A new Episcopal Palace was also built on the Fortezza in 1575, and in 1583 Bishop Chiapone of Rethymnon laid the foundation stone for the new cathedral. However, it may have been too small a building for its purpose, and when the cathedral was completed in 1585 Bishop Chiapone’s successor, Bishop Carrara, refused to celebrated the mass there, claiming conditions in the cathedral were too cramped and there were no sacred vessels there.

Perhaps these were only excuses, for Bishop Carrara did not want to move up to the Fortezza, and hoped to stay living in the Bishop’s Palace in Arampatzoglou Street (Thessaloníkis Street) in the old town.

The Venetian rettore of Rethymnon, Benetto Bembo, whose official residence was opposite the new cathedral, was insistent on its use, and had alterations made to the cathedral in 1586 so that it could accommodate soldiers and residents at the Sunday Mass and so that the bishop could have no further excuses.

When Rethymnon was captured by the Turks in 1646, the cathedral was converted into an Ottoman mosque by the Sultan Ibrahim Han and was given his name.

Saint Catherine’s Church … built beside the former cathedral in the late 19th century (Photograph: Patrick Comerford, 2012)

Close to the cathedral is the Church of Saint Catherine, which was built in the 19th century, but probably stands on the site of an earlier church with the same name.

The Church of Saint Theodore or Aghios Theodoros Trachinás ... restoration work is almost complete (Photograph: Patrick Comerford, 2012)

The single-nave domed Church of Saint Theodore or Aghios Theodoros Trachinás was built in the late 19th century and was dedicated on 21 March 1899. However, this may have been a rebuilding programme rather than a new building project, as Venetian documents show there was a church on this site in the 16th and 17th centuries.

The new name was chosen to honour the commander of the Russian troops, General Thedore de Chiostak, who was present at the dedication.
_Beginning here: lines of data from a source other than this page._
Lemma gradV_sampleE i j :
  gradV V A (xs, xq, xo) i j = ((V *m attn) i 0 - (i == xo)%:R) * attn j 0.
Proof.
rewrite /gradV mxE.
have -> : (fun r : R => loss (V + r *: delta_mx i j) A (xs, xq, xo)) =
    (fun r => 2^-1 * sqnorm ((ecol R xo - V *m attn) - r *: (delta_mx i j *m attn))).
  apply/funext => r; rewrite /loss /attn -!mulmxA mulmxDl -scalemxAl.
  by rewrite opprD addrA.
rewrite derive1_half_sqnorm0 -sumrN.
rewrite -[RHS](sumr_indicator i (fun=> ((V *m attn) i 0 - (i == xo)%:R) * attn j 0)).
apply: eq_bigr => l _.
have -> : (delta_mx i j *m attn) l 0 = (l == i)%:R * attn j 0.
  rewrite mxE (bigD1 j) //= big1 ?addr0; first by rewrite mxE eqxx andbT.
  by move=> a /negbTE ha; rewrite mxE ha andbF mul0r.
rewrite resid_entry; have [->|_] := eqVneq i l; last by rewrite !mul0r mulr0 oppr0.
by rewrite /=; ring.
Qed.

Lemma gradA_sampleE t k :
  gradA V A (xs, xq, xo) t k =
  (xq == k)%:R * \sum_l ((V *m attn) l 0 - (l == xo)%:R) * V l (xs t).
Proof.
rewrite /gradA mxE.
have -> : (fun r : R => loss V (A + r *: delta_mx t k) (xs, xq, xo)) =
    (fun r => 2^-1 * sqnorm ((ecol R xo - V *m attn) -
       r *: (V *m (Xmat R xs *m (delta_mx t k *m ecol R xq))))).
  apply/funext => r; rewrite /loss /attn !mulmxDr !mulmxDl -!scalemxAr -!scalemxAl !mulmxA.
  by rewrite opprD addrA.
rewrite derive1_half_sqnorm0 -sumrN mulr_sumr; apply: eq_bigr => l _.
have -> : (V *m (Xmat R xs *m (delta_mx t k *m ecol R xq))) l 0 = (xq == k)%:R * V l (xs t).
  rewrite ecolE mul_delta_mx_cond [k == xq]eq_sym; case: eqP => _ /=; last first.
    by rewrite mulr0n !mulmx0 mxE mul0r.
  rewrite mulr1n -colE mul1r mxE (bigD1 (xs t)) //= big1 ?addr0; first by rewrite !mxE eqxx mulr1.
  by move=> a /negbTE ha; rewrite !mxE ha mulr0.
by rewrite resid_entry; ring.
Qed.

End Gradients.

Lemma sumr_mul_ifeq (R : comPzRingType) n (c : 'I_n -> R) (t : 'I_n) (d e : R) :
  \sum_s c s * (if s == t then d else e) = e * \sum_s c s + c t * (d - e).
Proof.
rewrite mulr_sumr -[c t * _](sumr_indicator t (fun s => c s * (d - e))) -big_split /=.
by apply: eq_bigr => s _; rewrite eq_sym; case: eqP => _ /=; ring.
Qed.

Section IidInputs.
Variables (R : realType) (N T : nat) (mu : 'cV[R]_N).
Hypothesis mu_sum1 : \sum_i mu i 0 = 1.

Let sum_mu_indicator a : \sum_j mu j 0 * (j == a)%:R = mu a 0.
Proof.
rewrite -[RHS](sumr_indicator a (fun j => mu j 0)).
by apply: eq_bigr => j _; rewrite eq_sym mulrC.
Qed.

Lemma iid_indicator_mean (s t : 'I_T) (a b : 'I_N) :
  \sum_(xs : {ffun 'I_T -> 'I_N}) (\prod_i mu (xs i) 0) * (xs s == a)%:R * (xs t == b)%:R
  = if s == t then (a == b)%:R * mu a 0 else mu a 0 * mu b 0.
Proof.
pose w i j := mu j 0 * (if i == s then (j == a)%:R else 1)
                     * (if i == t then (j == b)%:R else 1).
transitivity (\prod_i \sum_j w i j).
  rewrite bigA_distr_bigA; apply: eq_bigr => xs _.
  by rewrite /w !big_split /= -!big_mkcond !big_pred1_eq.
have w_other i : i != s -> i != t -> \sum_j w i j = 1.
  move=> /negbTE ns /negbTE nt; rewrite /w ns nt -[RHS]mu_sum1.
  by apply: eq_bigr => j _; rewrite !mulr1.
rewrite (bigD1 s) //; have [st | st] := eqVneq s t.
  rewrite [\prod_(i | _) _]big1 => [|i ns]; last by apply: w_other; rewrite -?st.
  rewrite Monoid.mulm1 /w -st eqxx -[RHS](sumr_indicator a (fun j => (j == b)%:R * mu j 0)).
  by apply: eq_bigr => j _; rewrite eq_sym; ring.
rewrite (bigD1 t); last by rewrite eq_sym.
rewrite [\prod_(i | _) _]big1 => [|i /andP[? ?]]; last exact: w_other.
rewrite Monoid.mulm1 /w eqxx (negbTE st) eq_sym (negbTE st) eqxx.
rewrite -(sum_mu_indicator a) -(sum_mu_indicator b).
by congr (_ * _); apply: eq_bigr => j _; ring.
Qed.

Lemma iid_pair_mean (F : 'I_N -> 'I_N -> R) (s t : 'I_T) :
  \sum_(xs : {ffun 'I_T -> 'I_N}) (\prod_i mu (xs i) 0) * F (xs s) (xs t) =
  if s == t then \sum_a mu a 0 * F a a
  else \sum_a \sum_b mu a 0 * mu b 0 * F a b.
Proof.
transitivity (\sum_a \sum_b F a b * \sum_(xs : {ffun 'I_T -> 'I_N})
                (\prod_i mu (xs i) 0) * (xs s == a)%:R * (xs t == b)%:R).
  transitivity (\sum_(xs : {ffun 'I_T -> 'I_N}) \sum_a \sum_b
                  F a b * ((\prod_i mu (xs i) 0) * (xs s == a)%:R * (xs t == b)%:R)).
    apply: eq_bigr => xs _; set W := \prod_i _.
    rewrite (eq_bigr (fun a => (xs s == a)%:R * \sum_b (xs t == b)%:R * (W * F a b))).
      by rewrite !sumr_indicator.
    by move=> a _; rewrite mulr_sumr; apply: eq_bigr => b _; ring.
  rewrite exchange_big; apply: eq_bigr => a _ /=.
  rewrite exchange_big; apply: eq_bigr => b _ /=.
  by rewrite mulr_sumr.
under eq_bigr do under eq_bigr do rewrite iid_indicator_mean.
have [_ | _] := eqVneq s t; apply: eq_bigr => a _.
  rewrite -[RHS](sumr_indicator a (fun b => mu a 0 * F a b)).
  by apply: eq_bigr => b _; rewrite eq_sym; ring.
by apply: eq_bigr => b _; ring.
Qed.

Lemma iid_bilinear_mean (G : 'I_N -> 'I_N -> R) (al be : 'I_T -> R) :
  \sum_(xs : {ffun 'I_T -> 'I_N}) (\prod_i mu (xs i) 0) *
     (\sum_s \sum_s' al s * be s' * G (xs s) (xs s')) =
  (\sum_s al s) * (\sum_s be s) * (\sum_a \sum_b mu a 0 * mu b 0 * G a b)
  + (\sum_s al s * be s) * (\sum_a mu a 0 * G a a - \sum_a \sum_b mu a 0 * mu b 0 * G a b).
Proof.
transitivity (\sum_s \sum_s' al s * be s' *
   \sum_(xs : {ffun 'I_T -> 'I_N}) (\prod_i mu (xs i) 0) * G (xs s) (xs s')).
  under eq_bigr do rewrite mulr_sumr.
  rewrite exchange_big /=; apply: eq_bigr => s _.
  under eq_bigr do rewrite mulr_sumr.
  rewrite exchange_big /=; apply: eq_bigr => s' _.
  by rewrite mulr_sumr; apply: eq_bigr => xs _; ring.
under eq_bigr => s _ do under eq_bigr => s' _ do rewrite iid_pair_mean // [s == s']eq_sym.
set d := \sum_a mu a 0 * G a a; set m := \sum_a \sum_b mu a 0 * mu b 0 * G a b.
under eq_bigr => s _ do rewrite (sumr_mul_ifeq (fun s' => al s * be s') s d m).
by rewrite big_split /= -mulr_sumr -mulr_suml [(\sum_s al s) * _]big_distrlr /=; ring.
Qed.

End IidInputs.

Lemma sum_sampleE (R : realType) N T (F : sample N T -> R) :
  \sum_s F s = \sum_xs \sum_xq \sum_xo F (xs, xq, xo).
Proof.
rewrite pair_bigA /= (pair_bigA _ (fun p xo => F (p.1, p.2, xo))) /=.
by apply: eq_bigr => [[[xs xq] xo]] _.
Qed.

Lemma Edata_entry (R : realType) N T m n (mu : 'cV[R]_N) (P : 'M[R]_N)
    (Q : 'M[R]_(T, N)) (f : sample N T -> 'M[R]_(m, n)) i j :
  Edata mu P Q f i j = \sum_s prob mu P Q s * f s i j.
Proof. by rewrite /Edata summxE; apply: eq_bigr => s _; rewrite mxE. Qed.

Lemma Edata_mulmx (R : realType) N T m n p q (mu : 'cV[R]_N) (P : 'M[R]_N)
    (Q : 'M[R]_(T, N)) (L : 'M[R]_(m, n)) (f : sample N T -> 'M[R]_(n, p))
    (M : 'M[R]_(p, q)) :
  Edata mu P Q (fun s => L *m f s *m M) = L *m Edata mu P Q f *m M.
Proof.
rewrite /Edata mulmx_sumr mulmx_suml; apply: eq_bigr => s _.
by rewrite -scalemxAr -scalemxAl.
Qed.

Lemma ones_mulmxE (R : realType) m n (M : 'M[R]_(m, n)) k :
  (onesr R m *m M) 0 k = \sum_t M t k.
Proof. by rewrite mxE; apply: eq_bigr => t _; rewrite mxE mul1r. Qed.

Lemma mulmx_fixed_entry (R : realType) n (M : 'M[R]_n) (mu : 'cV[R]_n) o :
  M *m mu = mu -> \sum_a M o a * mu a 0 = mu o 0.
Proof. by move/(congr1 (fun X : 'cV[R]_n => X o 0)); rewrite mxE. Qed.

Definition gram (R : realType) m n (M1 M2 : 'M[R]_(m, n)) (a b : 'I_n) : R :=
  \sum_o M1 o a * M2 o b.

Lemma gram_diag_mean (R : realType) m n (mu : 'cV[R]_n) (M1 M2 : 'M[R]_(m, n)) :
  \sum_a mu a 0 * gram M1 M2 a a = ip_mu mu M1 M2.
Proof.
rewrite ip_muE exchange_big /=; apply: eq_bigr => a _.
by rewrite mulr_sumr; apply: eq_bigr => o _; ring.
Qed.

Lemma gram_mean (R : realType) n (mu : 'cV[R]_n) (M1 M2 : 'M[R]_n) :
  M1 *m mu = mu -> M2 *m mu = mu ->
  \sum_a \sum_b mu a 0 * mu b 0 * gram M1 M2 a b = sqnorm mu.
Proof.
move=> M1mu M2mu; rewrite /sqnorm.
transitivity (\sum_o (\sum_a M1 o a * mu a 0) * (\sum_b M2 o b * mu b 0)); last first.
  by apply: eq_bigr => o _; rewrite !mulmx_fixed_entry // expr2.
under eq_bigr => a _ do under eq_bigr => b _ do rewrite mulr_sumr.
under eq_bigr => a _ do rewrite exchange_big /=.
rewrite exchange_big /=; apply: eq_bigr => o _.
rewrite mulr_suml; apply: eq_bigr => a _.
by rewrite mulr_sumr; apply: eq_bigr => b _; ring.
Qed.

Definition outer_entry (R : realType) n (M : 'M[R]_n) (i j a b : 'I_n) : R :=
  M i a * (j == b)%:R.

Lemma outer_entry_diag_mean (R : realType) n (M : 'M[R]_n) (mu : 'cV[R]_n) i j :
  \sum_a mu a 0 * outer_entry M i j a a = mu j 0 * M i j.
Proof.
rewrite -[RHS](sumr_indicator j (fun a => mu a 0 * M i a)).
by apply: eq_bigr => a _; rewrite /outer_entry eq_sym; ring.
Qed.

Lemma outer_entry_mean (R : realType) n (M : 'M[R]_n) (mu : 'cV[R]_n) i j :
  M *m mu = mu -> \sum_a \sum_b mu a 0 * mu b 0 * outer_entry M i j a b = mu i 0 * mu j 0.
Proof.
move=> Mmu; rewrite -(mulmx_fixed_entry i Mmu) mulr_suml; apply: eq_bigr => a _.
rewrite -[RHS](sumr_indicator j (fun b => M i a * mu a 0 * mu b 0)).
by apply: eq_bigr => b _; rewrite /outer_entry eq_sym; ring.
Qed.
He repaid the compliment a year later when he paid for the cost of rebuilding the Bishop’s Palace near the new Greek Orthodox cathedral in the centre of the old town.

Current renovations are almost complete, and when I visited it late last week, new church furnishings were outside the church, ready to be moved in.

Ready to move in the new furniture at the Church of Saint Theodore (Photograph: Patrick Comerford, 2012)

A major part of the delight of my pilgrimage around the churches and cathedrals of Rethymnon was that the bells of so many of them can be heard across the city throughout the day, and even more so that so many of them are open for visits by local people, by tourists, by the curious, and most importantly are open for prayer … and not just on Sunday mornings.